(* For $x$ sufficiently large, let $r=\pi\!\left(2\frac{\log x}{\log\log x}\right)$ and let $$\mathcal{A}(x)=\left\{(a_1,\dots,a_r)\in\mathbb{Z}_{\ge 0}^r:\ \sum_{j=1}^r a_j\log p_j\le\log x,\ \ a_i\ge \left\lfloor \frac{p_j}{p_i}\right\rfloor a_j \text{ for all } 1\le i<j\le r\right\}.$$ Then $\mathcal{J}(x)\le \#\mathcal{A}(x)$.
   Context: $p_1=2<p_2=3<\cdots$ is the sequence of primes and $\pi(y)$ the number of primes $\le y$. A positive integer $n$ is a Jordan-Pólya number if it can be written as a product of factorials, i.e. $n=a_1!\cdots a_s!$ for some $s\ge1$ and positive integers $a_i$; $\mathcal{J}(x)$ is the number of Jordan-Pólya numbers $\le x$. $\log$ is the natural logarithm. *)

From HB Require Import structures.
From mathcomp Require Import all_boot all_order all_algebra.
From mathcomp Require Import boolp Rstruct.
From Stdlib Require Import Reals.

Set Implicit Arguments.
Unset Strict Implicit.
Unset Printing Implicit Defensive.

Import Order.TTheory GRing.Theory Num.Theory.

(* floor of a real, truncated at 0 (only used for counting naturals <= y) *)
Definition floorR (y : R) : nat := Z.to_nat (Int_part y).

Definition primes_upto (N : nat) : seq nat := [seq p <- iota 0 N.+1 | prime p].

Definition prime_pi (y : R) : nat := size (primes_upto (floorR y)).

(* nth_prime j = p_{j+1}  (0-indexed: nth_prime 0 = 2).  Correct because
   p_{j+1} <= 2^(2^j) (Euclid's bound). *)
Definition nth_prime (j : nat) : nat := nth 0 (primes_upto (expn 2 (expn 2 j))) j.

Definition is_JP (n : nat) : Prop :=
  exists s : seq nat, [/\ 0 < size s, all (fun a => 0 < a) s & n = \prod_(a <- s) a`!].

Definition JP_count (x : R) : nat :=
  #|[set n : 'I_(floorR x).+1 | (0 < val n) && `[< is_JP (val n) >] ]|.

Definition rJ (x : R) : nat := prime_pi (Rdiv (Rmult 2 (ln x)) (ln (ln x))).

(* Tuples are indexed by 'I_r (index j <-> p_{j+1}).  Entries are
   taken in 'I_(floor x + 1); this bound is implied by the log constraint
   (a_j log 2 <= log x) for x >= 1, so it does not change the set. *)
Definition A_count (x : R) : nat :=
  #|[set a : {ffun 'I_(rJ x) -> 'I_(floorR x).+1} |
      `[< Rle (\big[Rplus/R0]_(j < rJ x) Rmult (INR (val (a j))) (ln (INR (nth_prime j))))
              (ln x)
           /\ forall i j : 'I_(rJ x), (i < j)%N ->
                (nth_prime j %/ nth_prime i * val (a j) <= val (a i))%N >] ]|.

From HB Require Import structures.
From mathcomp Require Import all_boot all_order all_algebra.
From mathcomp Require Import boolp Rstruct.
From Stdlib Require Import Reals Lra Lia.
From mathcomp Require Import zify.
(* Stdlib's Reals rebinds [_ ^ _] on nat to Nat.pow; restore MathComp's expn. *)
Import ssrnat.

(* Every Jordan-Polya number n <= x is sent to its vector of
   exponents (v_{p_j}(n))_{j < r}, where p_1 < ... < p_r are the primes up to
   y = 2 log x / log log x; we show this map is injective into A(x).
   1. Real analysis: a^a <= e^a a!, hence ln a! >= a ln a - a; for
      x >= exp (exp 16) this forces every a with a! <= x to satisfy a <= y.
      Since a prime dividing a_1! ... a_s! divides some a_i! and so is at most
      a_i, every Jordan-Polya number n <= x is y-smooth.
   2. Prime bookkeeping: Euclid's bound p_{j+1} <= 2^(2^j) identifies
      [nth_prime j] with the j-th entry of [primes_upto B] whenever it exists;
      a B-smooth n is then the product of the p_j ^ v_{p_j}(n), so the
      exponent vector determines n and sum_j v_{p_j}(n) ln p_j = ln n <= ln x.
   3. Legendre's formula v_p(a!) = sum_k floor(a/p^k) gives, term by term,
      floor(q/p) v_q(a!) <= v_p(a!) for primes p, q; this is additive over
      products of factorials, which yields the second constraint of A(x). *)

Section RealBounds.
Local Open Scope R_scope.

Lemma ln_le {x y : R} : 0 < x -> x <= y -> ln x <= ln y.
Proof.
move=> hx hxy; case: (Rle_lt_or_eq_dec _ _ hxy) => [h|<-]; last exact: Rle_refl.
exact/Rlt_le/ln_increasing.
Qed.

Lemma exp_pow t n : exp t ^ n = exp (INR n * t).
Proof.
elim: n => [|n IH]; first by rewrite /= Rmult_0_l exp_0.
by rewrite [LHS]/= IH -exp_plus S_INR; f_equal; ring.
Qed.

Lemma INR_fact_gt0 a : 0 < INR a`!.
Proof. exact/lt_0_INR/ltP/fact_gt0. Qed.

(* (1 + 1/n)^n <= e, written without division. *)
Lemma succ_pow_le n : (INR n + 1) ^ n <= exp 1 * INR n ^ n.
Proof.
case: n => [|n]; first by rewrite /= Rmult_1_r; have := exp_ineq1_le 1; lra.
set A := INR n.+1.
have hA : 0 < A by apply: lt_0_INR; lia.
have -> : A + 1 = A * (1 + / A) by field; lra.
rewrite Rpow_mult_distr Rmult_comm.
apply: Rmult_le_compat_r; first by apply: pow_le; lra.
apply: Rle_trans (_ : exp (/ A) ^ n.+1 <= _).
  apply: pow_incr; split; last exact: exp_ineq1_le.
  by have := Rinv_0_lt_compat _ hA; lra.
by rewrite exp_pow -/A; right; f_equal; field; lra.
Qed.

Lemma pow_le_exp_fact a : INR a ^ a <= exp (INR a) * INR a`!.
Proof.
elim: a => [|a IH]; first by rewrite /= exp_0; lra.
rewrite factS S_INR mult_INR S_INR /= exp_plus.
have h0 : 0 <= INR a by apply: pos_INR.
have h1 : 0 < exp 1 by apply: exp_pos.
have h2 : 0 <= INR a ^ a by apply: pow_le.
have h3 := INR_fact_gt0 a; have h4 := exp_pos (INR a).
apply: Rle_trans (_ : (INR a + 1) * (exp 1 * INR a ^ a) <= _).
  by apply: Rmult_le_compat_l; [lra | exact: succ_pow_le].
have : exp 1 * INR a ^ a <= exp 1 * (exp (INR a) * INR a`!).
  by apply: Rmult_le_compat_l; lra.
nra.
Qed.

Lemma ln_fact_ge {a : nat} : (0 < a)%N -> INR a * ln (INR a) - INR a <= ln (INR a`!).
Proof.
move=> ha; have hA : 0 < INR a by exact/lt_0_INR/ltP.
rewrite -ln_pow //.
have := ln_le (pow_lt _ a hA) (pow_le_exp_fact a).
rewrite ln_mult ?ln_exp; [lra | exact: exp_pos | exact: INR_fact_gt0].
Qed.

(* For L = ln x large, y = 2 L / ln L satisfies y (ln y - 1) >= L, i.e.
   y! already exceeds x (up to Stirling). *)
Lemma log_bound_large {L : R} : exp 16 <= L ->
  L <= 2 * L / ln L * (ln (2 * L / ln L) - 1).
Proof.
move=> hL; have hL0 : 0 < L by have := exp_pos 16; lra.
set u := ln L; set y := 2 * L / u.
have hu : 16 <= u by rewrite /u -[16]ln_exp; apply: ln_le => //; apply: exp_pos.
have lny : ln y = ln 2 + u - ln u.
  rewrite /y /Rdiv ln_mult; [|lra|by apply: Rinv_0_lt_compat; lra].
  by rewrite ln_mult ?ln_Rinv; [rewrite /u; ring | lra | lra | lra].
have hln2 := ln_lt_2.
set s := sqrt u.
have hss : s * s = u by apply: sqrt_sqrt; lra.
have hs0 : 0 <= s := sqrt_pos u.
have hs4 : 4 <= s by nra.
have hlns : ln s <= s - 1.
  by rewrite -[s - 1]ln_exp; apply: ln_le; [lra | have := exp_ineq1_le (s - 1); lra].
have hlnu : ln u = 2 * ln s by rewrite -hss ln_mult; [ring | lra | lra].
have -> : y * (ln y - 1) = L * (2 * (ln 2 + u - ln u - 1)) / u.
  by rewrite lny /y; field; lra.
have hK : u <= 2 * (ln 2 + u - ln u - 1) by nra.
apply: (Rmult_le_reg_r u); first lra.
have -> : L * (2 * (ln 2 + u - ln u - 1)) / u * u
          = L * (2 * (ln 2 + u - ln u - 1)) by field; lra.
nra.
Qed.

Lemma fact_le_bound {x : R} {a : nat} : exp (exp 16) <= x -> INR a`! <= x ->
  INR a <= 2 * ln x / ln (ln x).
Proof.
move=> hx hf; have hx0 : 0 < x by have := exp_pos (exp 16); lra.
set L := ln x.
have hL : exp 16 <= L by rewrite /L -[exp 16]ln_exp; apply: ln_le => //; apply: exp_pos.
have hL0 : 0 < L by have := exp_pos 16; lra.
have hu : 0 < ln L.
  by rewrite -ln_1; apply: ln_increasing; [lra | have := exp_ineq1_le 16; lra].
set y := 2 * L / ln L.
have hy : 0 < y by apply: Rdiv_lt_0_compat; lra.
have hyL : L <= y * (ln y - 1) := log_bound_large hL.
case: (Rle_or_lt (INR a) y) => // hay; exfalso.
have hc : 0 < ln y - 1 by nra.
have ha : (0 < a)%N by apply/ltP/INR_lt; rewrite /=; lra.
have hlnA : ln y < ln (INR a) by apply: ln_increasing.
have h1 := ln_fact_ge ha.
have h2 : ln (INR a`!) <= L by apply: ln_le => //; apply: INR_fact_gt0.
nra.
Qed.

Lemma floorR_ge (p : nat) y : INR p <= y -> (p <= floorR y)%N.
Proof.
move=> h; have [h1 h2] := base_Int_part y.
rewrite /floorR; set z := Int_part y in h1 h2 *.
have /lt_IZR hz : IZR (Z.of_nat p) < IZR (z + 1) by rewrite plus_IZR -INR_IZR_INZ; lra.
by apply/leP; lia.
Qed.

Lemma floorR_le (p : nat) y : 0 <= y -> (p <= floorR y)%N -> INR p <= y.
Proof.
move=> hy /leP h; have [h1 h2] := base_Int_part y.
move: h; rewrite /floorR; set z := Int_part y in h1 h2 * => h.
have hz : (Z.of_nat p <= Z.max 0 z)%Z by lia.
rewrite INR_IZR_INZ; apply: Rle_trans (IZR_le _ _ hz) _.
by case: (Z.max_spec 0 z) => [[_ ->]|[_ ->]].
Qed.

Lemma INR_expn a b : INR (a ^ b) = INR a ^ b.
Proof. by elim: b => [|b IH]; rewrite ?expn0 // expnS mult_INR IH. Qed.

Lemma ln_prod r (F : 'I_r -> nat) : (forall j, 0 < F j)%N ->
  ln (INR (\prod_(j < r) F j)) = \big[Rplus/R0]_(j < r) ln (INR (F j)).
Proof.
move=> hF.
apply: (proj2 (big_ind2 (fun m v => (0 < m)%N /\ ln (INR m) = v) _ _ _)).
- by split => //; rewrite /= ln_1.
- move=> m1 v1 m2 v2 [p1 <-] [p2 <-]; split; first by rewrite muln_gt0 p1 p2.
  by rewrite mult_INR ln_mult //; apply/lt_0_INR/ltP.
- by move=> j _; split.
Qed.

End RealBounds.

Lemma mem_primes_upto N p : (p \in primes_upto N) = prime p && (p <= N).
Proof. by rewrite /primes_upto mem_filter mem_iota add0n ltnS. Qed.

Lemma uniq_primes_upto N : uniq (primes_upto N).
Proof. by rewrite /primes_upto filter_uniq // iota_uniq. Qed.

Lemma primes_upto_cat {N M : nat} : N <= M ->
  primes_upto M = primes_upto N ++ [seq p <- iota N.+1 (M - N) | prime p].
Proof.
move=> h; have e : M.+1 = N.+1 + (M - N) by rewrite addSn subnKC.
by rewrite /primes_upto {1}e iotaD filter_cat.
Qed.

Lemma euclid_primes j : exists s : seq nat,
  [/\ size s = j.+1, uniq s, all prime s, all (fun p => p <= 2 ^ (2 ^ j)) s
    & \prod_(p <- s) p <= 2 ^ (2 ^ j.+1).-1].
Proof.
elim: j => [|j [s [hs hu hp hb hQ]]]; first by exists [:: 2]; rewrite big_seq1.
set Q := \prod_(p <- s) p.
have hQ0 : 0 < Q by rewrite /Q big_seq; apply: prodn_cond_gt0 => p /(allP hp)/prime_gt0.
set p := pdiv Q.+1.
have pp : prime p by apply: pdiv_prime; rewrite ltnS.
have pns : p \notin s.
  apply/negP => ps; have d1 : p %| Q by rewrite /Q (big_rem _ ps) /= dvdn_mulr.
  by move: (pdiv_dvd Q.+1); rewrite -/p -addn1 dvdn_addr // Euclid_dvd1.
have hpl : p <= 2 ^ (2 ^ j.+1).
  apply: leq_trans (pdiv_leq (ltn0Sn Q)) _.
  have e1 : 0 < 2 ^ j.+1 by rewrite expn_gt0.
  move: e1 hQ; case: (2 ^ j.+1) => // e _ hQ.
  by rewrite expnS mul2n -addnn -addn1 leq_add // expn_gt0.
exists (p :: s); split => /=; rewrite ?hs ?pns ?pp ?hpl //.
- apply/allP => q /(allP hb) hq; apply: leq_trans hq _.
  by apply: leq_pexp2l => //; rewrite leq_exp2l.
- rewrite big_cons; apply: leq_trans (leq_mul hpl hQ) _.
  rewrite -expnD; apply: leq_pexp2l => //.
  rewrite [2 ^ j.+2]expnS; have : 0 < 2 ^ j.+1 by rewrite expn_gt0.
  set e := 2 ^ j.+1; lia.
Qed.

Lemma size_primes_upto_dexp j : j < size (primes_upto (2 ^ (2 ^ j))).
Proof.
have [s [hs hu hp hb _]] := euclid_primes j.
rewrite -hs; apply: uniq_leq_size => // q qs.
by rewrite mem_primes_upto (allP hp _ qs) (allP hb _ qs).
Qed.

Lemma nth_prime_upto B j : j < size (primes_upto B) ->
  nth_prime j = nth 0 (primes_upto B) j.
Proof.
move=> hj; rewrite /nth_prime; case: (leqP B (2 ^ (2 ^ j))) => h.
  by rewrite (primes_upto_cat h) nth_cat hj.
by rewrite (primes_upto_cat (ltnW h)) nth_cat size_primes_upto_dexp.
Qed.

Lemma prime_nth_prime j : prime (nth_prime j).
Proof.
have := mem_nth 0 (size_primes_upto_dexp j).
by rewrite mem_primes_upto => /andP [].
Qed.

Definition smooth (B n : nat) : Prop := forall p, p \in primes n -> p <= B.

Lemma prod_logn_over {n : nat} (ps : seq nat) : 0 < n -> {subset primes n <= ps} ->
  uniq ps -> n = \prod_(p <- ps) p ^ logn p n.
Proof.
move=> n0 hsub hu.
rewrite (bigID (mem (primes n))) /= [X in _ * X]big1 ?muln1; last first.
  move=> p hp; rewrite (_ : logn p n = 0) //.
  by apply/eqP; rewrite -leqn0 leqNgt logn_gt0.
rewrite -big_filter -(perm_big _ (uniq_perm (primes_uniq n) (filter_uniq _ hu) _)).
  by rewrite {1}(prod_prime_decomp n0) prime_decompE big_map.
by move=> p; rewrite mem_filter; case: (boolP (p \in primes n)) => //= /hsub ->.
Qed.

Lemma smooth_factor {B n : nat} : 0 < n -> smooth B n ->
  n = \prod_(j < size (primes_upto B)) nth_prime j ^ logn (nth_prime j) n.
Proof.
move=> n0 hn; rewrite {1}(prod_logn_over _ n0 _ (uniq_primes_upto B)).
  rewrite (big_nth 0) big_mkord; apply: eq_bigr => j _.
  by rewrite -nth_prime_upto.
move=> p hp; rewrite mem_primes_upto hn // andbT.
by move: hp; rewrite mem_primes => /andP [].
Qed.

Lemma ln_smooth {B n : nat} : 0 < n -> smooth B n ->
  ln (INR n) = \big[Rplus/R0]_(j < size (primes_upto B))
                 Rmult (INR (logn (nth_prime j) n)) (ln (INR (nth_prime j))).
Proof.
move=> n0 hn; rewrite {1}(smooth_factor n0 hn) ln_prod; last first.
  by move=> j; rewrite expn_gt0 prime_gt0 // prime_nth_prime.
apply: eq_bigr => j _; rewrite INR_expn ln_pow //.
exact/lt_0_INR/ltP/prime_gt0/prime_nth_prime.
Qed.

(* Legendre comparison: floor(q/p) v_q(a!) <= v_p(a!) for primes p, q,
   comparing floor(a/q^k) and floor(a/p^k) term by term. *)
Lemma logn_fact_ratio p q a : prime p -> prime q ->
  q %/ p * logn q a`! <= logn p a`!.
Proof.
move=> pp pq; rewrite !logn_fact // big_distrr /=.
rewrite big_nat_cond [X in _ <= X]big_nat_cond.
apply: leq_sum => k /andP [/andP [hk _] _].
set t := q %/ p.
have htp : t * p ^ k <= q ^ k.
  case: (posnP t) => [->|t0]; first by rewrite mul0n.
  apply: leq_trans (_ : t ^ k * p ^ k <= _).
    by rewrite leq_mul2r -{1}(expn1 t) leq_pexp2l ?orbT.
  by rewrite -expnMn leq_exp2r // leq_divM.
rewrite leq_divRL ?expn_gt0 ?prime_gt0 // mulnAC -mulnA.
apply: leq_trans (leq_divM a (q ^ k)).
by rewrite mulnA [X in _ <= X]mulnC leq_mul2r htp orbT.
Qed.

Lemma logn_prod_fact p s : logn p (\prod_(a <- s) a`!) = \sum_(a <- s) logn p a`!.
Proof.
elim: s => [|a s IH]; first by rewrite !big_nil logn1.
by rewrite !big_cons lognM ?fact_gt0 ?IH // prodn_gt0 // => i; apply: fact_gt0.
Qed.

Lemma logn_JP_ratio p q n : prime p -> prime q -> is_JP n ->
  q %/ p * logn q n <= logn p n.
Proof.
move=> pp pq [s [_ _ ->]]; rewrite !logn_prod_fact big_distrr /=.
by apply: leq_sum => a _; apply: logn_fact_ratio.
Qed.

::::

* _Exercise brief_: Scan the records above for lines with the word "Legendre". Then report how many there are, as a bare number.

* _Reply to the exercise_: 2